WHAT THIS TASK INVOLVES: Return exactly the lines of the records below, starting at the line that contains "Definition sl_models (Obs" and ending at the line that contains "case: o => [a|]; first exact: cgsi_obs_equiv.", with both of those lines kept.

GIVEN DATA:
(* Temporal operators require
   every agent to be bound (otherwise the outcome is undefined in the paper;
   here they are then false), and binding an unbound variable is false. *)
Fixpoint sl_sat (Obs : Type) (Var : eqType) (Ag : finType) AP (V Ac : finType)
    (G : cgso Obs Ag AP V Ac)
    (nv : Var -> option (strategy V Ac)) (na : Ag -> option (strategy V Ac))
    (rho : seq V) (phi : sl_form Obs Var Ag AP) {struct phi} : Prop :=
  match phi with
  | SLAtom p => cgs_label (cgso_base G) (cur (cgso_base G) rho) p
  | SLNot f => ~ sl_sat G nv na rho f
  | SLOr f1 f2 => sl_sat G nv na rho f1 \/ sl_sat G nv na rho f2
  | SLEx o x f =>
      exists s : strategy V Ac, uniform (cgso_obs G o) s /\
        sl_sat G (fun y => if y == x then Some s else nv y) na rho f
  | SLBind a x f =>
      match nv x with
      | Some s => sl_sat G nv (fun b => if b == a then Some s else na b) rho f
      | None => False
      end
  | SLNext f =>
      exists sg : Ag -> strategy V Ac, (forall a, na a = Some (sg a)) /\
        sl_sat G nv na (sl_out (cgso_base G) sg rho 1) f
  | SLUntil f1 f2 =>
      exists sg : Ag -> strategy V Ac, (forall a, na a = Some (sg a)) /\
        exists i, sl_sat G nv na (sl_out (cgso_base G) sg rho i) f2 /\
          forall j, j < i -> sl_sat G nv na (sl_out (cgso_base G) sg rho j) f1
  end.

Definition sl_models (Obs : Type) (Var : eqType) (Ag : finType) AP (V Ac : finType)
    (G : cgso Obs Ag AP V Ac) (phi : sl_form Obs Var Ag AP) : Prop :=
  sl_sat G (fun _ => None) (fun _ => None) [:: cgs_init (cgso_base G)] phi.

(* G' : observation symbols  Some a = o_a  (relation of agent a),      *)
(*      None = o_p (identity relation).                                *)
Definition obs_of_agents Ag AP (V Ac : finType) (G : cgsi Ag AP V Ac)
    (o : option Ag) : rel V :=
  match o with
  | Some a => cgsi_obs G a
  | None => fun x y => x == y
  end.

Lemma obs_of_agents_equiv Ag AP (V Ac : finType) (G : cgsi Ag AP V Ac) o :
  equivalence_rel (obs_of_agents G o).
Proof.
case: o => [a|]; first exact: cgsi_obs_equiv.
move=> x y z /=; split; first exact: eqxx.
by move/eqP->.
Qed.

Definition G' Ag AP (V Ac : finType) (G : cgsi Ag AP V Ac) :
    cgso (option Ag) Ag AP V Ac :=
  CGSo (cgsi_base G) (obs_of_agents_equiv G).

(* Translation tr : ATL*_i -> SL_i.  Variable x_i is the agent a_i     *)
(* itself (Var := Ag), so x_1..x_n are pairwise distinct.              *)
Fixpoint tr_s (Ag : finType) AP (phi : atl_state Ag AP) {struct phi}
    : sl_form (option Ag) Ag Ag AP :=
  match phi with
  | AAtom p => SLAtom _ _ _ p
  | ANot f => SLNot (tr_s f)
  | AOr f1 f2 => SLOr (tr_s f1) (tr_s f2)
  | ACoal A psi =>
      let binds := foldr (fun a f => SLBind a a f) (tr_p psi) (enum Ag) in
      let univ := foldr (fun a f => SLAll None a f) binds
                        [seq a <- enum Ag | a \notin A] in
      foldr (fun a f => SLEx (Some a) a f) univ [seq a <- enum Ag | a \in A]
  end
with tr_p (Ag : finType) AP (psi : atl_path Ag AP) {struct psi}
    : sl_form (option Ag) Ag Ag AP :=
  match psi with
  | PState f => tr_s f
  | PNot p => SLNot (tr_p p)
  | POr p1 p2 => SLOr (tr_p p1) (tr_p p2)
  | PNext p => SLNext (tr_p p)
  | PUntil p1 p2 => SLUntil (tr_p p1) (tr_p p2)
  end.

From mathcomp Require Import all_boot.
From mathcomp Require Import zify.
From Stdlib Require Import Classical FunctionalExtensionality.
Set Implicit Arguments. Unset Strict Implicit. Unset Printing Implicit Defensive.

RESPONSE TO THIS EXERCISE:
Definition sl_models (Obs : Type) (Var : eqType) (Ag : finType) AP (V Ac : finType)
    (G : cgso Obs Ag AP V Ac) (phi : sl_form Obs Var Ag AP) : Prop :=
  sl_sat G (fun _ => None) (fun _ => None) [:: cgs_init (cgso_base G)] phi.

(* G' : observation symbols  Some a = o_a  (relation of agent a),      *)
(*      None = o_p (identity relation).                                *)
Definition obs_of_agents Ag AP (V Ac : finType) (G : cgsi Ag AP V Ac)
    (o : option Ag) : rel V :=
  match o with
  | Some a => cgsi_obs G a
  | None => fun x y => x == y
  end.

Lemma obs_of_agents_equiv Ag AP (V Ac : finType) (G : cgsi Ag AP V Ac) o :
  equivalence_rel (obs_of_agents G o).
Proof.
case: o => [a|]; first exact: cgsi_obs_equiv.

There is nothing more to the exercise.